As they passed through the village, Margarethe Halm came out from under her father's door, and the driver stopped the carriage.
"You will see the young English lady when you return home?" said Grete to Will, with a blush on her pretty brown face.
"And if I do?"
"Will you give her this little parcel? it is my work."
With that she slipped the parcel into his hand. At this moment Hans Halm came forward and bade both the gentlemen good-bye; and in that moment Grete, unnoticed, timidly handed up to Hermann, who was seated beside the driver, another little parcel. There was a slight quivering of the lips as she did so; and then she turned away, and went up to her own room, and threw herself, sobbing, on the bed in quite a passion of grief, not daring to look after the carriage as it rolled away into the forest.
Hermann stealthily opened the packet, and found therein a little gilt Gebetbuch, with coloured pictures of the saints throughout it, and a little inscription in front in Grete's handwriting. Franz Gersbach, having been over at Donaueschingen, had secretly bought the tiny prayer-book for her; and he knew all the time for whom it was intended.
"She is a good girl," said Hermann, "and a good girl makes a good wife.

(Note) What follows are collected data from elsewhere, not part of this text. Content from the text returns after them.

(* Let $C_n^\sigma=(C_n,\sigma)$, $n\ge 3$, be a compatible signed cycle. Then $\dim(C_n^\sigma)=1$ if and only if there exists a vertex $u$ such that $d^{\pm}(u)=0$ (i.e. the two edges at $u$ have opposite signs) and, for every $k\in\{1,2,\dots,\lfloor n/2\rfloor\}$ and all distinct $v,w\in N_k(u)$, one has $\sigma(uv)\neq\sigma(uw)$.
   Context: A signed graph $\Sigma=(G,\sigma)$ consists of a finite simple connected graph $G=(V,E)$ and a signature $\sigma:E\to\{+1,-1\}$. For vertices $u,v$, $d(u,v)$ denotes the usual distance in $G$; the sign of a path $P$ is $\sigma(P)=\prod_{e\in P}\sigma(e)$. Set $\sigma_{\max}(uv)=-1$ if every shortest $u$–$v$ path has sign $-1$, and $\sigma_{\max}(uv)=+1$ otherwise; set $\sigma_{\min}(uv)=+1$ if every shortest $u$–$v$ path has sign $+1$, and $\sigma_{\min}(uv)=-1$ otherwise. $\Sigma$ is (distance) compatible if $\sigma_{\max}(uv)d(u,v)=\sigma_{\min}(uv)d(u,v)$ for all vertices $u,v$; in that case the signed distance is $d_\Sigma(u,v)=\sigma_{\max}(uv)\,d(u,v)$, and $\sigma(uv)$ denotes the common value $\sigma_{\max}(uv)=\sigma_{\min}(uv)$ (for an edge $uv$ this is its edge sign). $d^+(v)$ and $d^-(v)$ are the numbers of positive and negative edges at $v$, and $d^\pm(v)=d^+(v)-d^-(v)$ is the net-degree. The open $k$-neighbourhood of $v$ is $N_k(v)=\{u: d_\Sigma(u,v)=\pm k\}$, i.e. the vertices at distance $k$ from $v$. For a compatible $\Sigma$ and an ordered subset $W=(w_1,\dots,w_k)$ of $V$, the metric representation of $v\in V$ is $r_\Sigma(v|W)=(d_\Sigma(v,w_1),\dots,d_\Sigma(v,w_k))$. $W$ is a resolving set of $\Sigma$ if $r_\Sigma(u|W)\neq r_\Sigma(v|W)$ for all distinct $u,v\in V$; a basis is a resolving set of minimum cardinality, and that cardinality is the metric dimension $\dim(\Sigma)$. *)

From mathcomp Require Import all_boot all_order all_algebra.
Set Implicit Arguments. Unset Strict Implicit. Unset Printing Implicit Defensive.
Import Order.TTheory GRing.Theory Num.Theory.

(* A signed graph on a finite vertex type T: adjacency relation [adj]
   (assumed symmetric and irreflexive) and a signature [neg] where
   [neg x y = true] means the edge xy is negative (sign -1).
   [neg] is assumed symmetric; its values on non-edges are irrelevant. *)
Section SignedGraph.
Variables (T : finType) (adj : rel T) (neg : T -> T -> bool).

Definition walk (u : T) (p : seq T) (v : T) : bool :=
  path adj u p && (last u p == v).

Definition has_walk (k : nat) (u v : T) : bool :=
  [exists t : k.-tuple T, walk u t v].

(* usual distance: least length of a u-v walk (for a connected graph this
   is < #|T|, so the search range below is sufficient) *)
Definition dist (u v : T) : nat :=
  find (fun k => has_walk k u v) (iota 0 #|T|).

Fixpoint nneg (u : T) (p : seq T) : nat :=
  if p is x :: p' then neg u x + nneg x p' else 0.

Definition wsign (u : T) (p : seq T) : int := ((-1) ^+ nneg u p)%R.

(* shortest u-v paths are the u-v walks of length dist u v *)
Definition sigma_max (u v : T) : int :=
  if [forall t : (dist u v).-tuple T, walk u t v ==> (wsign u t == (-1)%R)]
  then (-1)%R else 1%R.

Definition sigma_min (u v : T) : int :=
  if [forall t : (dist u v).-tuple T, walk u t v ==> (wsign u t == 1%R)]
  then 1%R else (-1)%R.

Definition compatible : Prop :=
  forall u v, (sigma_max u v * (dist u v)%:Z = sigma_min u v * (dist u v)%:Z)%R.

(* signed distance (meaningful for compatible signed graphs) *)
Definition sdist (u v : T) : int := (sigma_max u v * (dist u v)%:Z)%R.

Definition netdeg (v : T) : int :=
  ((#|[set w | adj v w && ~~ neg v w]|)%:Z - (#|[set w | adj v w && neg v w]|)%:Z)%R.

Definition Nk (v : T) (k : nat) : {set T} := [set u | dist u v == k].

(* resolving set (order of W irrelevant for distinguishing vectors) *)
Definition resolving (W : {set T}) : Prop :=
  forall u v, u != v -> exists2 w, w \in W & sdist u w != sdist v w.

Definition metric_dim_is (m : nat) : Prop :=
  (exists W : {set T}, resolving W /\ #|W| = m) /\
  (forall W : {set T}, resolving W -> m <= #|W|).

End SignedGraph.

Definition cycle_adj (n : nat) : rel 'I_n :=
  fun i j => (val j == (val i).+1 %% n) || (val i == (val j).+1 %% n).
Arguments cycle_adj : clear implicits.

From mathcomp Require Import all_boot all_order all_algebra.
From mathcomp Require Import zify.
Import Order.TTheory GRing.Theory Num.Theory.

Set Implicit Arguments.
Unset Strict Implicit.
Unset Printing Implicit Defensive.

(* For an arbitrary signed graph with symmetric
   adjacency and signature, walks can be reversed, so the distance d(u,v) and
   the sign sigma_max(uv) are symmetric, and |d_Sigma(u,v)| = d(u,v).  Hence a
   singleton {u} resolves Sigma exactly when, at every distance k from u, the
   vertices of N_k(u) are told apart by their sign sigma(uv) alone
   ([resolving1P]); and the dimension is 1 exactly when some singleton
   resolves ([metric_dim1P]).

   For the cycle C_n one only has to observe that every distance is at most
   n/2 (so larger k impose no condition) and that u has exactly two distinct
   neighbours; these lie in N_1(u), so separating them by sign means the two
   edges at u have opposite signs, i.e. d^{+-}(u) = 0. *)

Section SignedGraph.
Variables (T : finType) (adj : rel T) (neg : T -> T -> bool).
Hypothesis adj_sym : symmetric adj.
Hypothesis neg_sym : forall x y, neg x y = neg y x.

Lemma has_walkP k u v :
  reflect (exists2 p : seq T, size p = k & walk adj u p v) (has_walk adj k u v).
Proof.
apply: (iffP existsP) => [[t t_walk]|[p /eqP p_size p_walk]].
  by exists (val t); rewrite ?size_tuple.
by exists (Tuple p_size).
Qed.

Definition rev_walk (u : T) (p : seq T) : seq T := rev (belast u p).

Lemma last_rev_walk u p : last (last u p) (rev_walk u p) = u.
Proof. by case: p => [|x p] //=; rewrite /rev_walk /= rev_cons last_rcons. Qed.

Lemma size_rev_walk u p : size (rev_walk u p) = size p.
Proof. by rewrite size_rev size_belast. Qed.

Lemma walk_rev u p v : walk adj u p v -> walk adj v (rev_walk u p) u.
Proof.
rewrite /walk => /andP[u_path /eqP <-].
rewrite last_rev_walk eqxx andbT rev_path.
by rewrite (@eq_path _ _ adj) // => x y; rewrite adj_sym.
Qed.

Lemma nneg_rev_walk u p : nneg neg (last u p) (rev_walk u p) = nneg neg u p.
Proof.
have nneg_rcons x s y : nneg neg x (rcons s y) = nneg neg x s + neg (last x s) y.
  by elim: s x => [|z s IHs] x /=; rewrite ?addn0 // IHs addnA.
elim: p u => [|x p IHp] u //=.
by rewrite /rev_walk /= rev_cons nneg_rcons IHp last_rev_walk neg_sym addnC.
Qed.

Lemma has_walk_sym k u v : has_walk adj k u v = has_walk adj k v u.
Proof.
suff rev_has_walk x y : has_walk adj k x y -> has_walk adj k y x.
  by apply/idP/idP; apply: rev_has_walk.
move/has_walkP => [p p_size p_walk]; apply/has_walkP.
by exists (rev_walk x p); [rewrite size_rev_walk | exact: walk_rev].
Qed.

Lemma dist_sym u v : dist adj u v = dist adj v u.
Proof. by apply: eq_find => k; apply: has_walk_sym. Qed.

Definition all_walks_negative k u v : bool :=
  [forall t : k.-tuple T, walk adj u t v ==> (wsign neg u t == (-1)%R)].

Lemma all_walks_negative_sym k u v :
  all_walks_negative k u v = all_walks_negative k v u.
Proof.
suff rev_negative x y : all_walks_negative k x y -> all_walks_negative k y x.
  by apply/idP/idP; apply: rev_negative.
move/forallP=> x_neg; apply/forallP => t; apply/implyP => t_walk.
have rev_size : size (rev_walk y t) == k by rewrite size_rev_walk size_tuple.
have := x_neg (Tuple rev_size); rewrite /= (walk_rev t_walk) /wsign.
by move: t_walk => /andP[_ /eqP <-]; rewrite nneg_rev_walk.
Qed.

Lemma sigma_max_sym u v : sigma_max adj neg u v = sigma_max adj neg v u.
Proof.
rewrite /sigma_max (dist_sym u v).
by rewrite -!/(all_walks_negative _ _ _) all_walks_negative_sym.
Qed.

Lemma dist_le k u v : has_walk adj k u v -> k < #|T| -> dist adj u v <= k.
Proof.
move=> uv_walk k_lt; rewrite leqNgt; apply/negP => k_lt_dist.
by have := before_find 0 k_lt_dist; rewrite nth_iota // add0n uv_walk.
Qed.

Lemma dist_eq0 u v : dist adj u v = 0 -> u = v.
Proof.
move=> d0; have T_gt0 : 0 < #|T| by apply/card_gt0P; exists u.
have has_dist : has (fun k => has_walk adj k u v) (iota 0 #|T|).
  by rewrite has_find size_iota -/(dist adj u v) d0.
have := nth_find 0 has_dist; rewrite -/(dist adj u v) d0 nth_iota // add0n.
by move/has_walkP => [[|//] _ /andP[_ /eqP]].
Qed.

Lemma dist_adj u v : adj u v -> u != v -> dist adj u v = 1.
Proof.
move=> uv_adj uv_neq; apply/eqP; rewrite eqn_leq; apply/andP; split.
  apply: dist_le; last by apply/card_gt1P; exists u, v.
  by apply/has_walkP; exists [:: v]; rewrite // /walk /= uv_adj eqxx.
by rewrite lt0n; apply: contra uv_neq => /eqP/dist_eq0 ->.
Qed.

(* On an edge uv, the only shortest path is the edge itself. *)
Lemma sigma_max_adj u v : adj u v -> u != v ->
  sigma_max adj neg u v = if neg u v then (-1)%R else 1%R.
Proof.
move=> uv_adj uv_neq; rewrite /sigma_max (dist_adj uv_adj uv_neq).
case uv_neg: (neg u v).
  rewrite ifT //; apply/forallP => -[[|x [|//]] //= _].
  by apply/implyP; rewrite /walk /= => /andP[_ /eqP ->]; rewrite /wsign /= uv_neg.
rewrite ifF //; apply/negbTE/forallPn; exists [tuple v].
by rewrite /walk /= uv_adj eqxx /wsign /= uv_neg.
Qed.

Lemma abs_sdist u v : `|sdist adj neg u v|%N = dist adj u v.
Proof. by rewrite /sdist abszM /sigma_max; case: ifP; rewrite mul1n. Qed.

Definition sign_separated (u : T) (k : nat) : Prop :=
  forall v w, v \in Nk adj u k -> w \in Nk adj u k -> v != w ->
    sigma_max adj neg u v != sigma_max adj neg u w.

(* N_0(u) = {u}, so the condition is vacuous at distance 0. *)
Lemma sign_separated0 u : sign_separated u 0.
Proof. by move=> v w; rewrite !inE => /eqP/dist_eq0 -> /eqP/dist_eq0 ->; rewrite eqxx. Qed.

(* {u} is resolving iff each open neighbourhood N_k(u) is sign-separated:
   as |d_Sigma(v,u)| = d(v,u), vertices with the same representation lie in a
   common N_k(u) and can then only be told apart by sigma(uv). *)
Lemma resolving1P u :
  resolving adj neg [set u] <-> forall k, sign_separated u k.
Proof.
split=> [u_res k v w | separated x y xy_neq].
  rewrite !inE => /eqP vk /eqP wk vw_neq.
  have [_ /set1P -> ] := u_res v w vw_neq.
  by rewrite /sdist vk wk !(sigma_max_sym _ u); apply: contra => /eqP ->.
exists u; first exact: set11.
apply: contraPneq (separated (dist adj x u) x y) => sd_eq.
have d_eq : dist adj x u = dist adj y u by rewrite -!abs_sdist sd_eq.
have [d0 | d_gt0] := posnP (dist adj x u).
  by move: xy_neq; rewrite (dist_eq0 d0) (dist_eq0 (etrans (esym d_eq) d0)) eqxx.
have d_neq0 : (Posz (dist adj x u) != 0)%R by rewrite -lt0n in d_gt0 *.
move: sd_eq; rewrite /sdist -d_eq => /(mulIf d_neq0) sigma_eq.
rewrite !inE d_eq eqxx => /(_ isT isT xy_neq).
by rewrite !(sigma_max_sym u) sigma_eq eqxx.
Qed.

I will go once more to England, but never after that—no, not if I had seven hundred Counts for my master."
They stopped a day at Strasbourg, and there they found a lot of English newspapers of recent date.
"Look what the people are saying of Miss Brunel!" said Will, utterly confounded by the tone in which the journals spoke of 'Rosalind.'
The Count took up paper after paper, and eagerly scanned such notices of the pieces as he could find.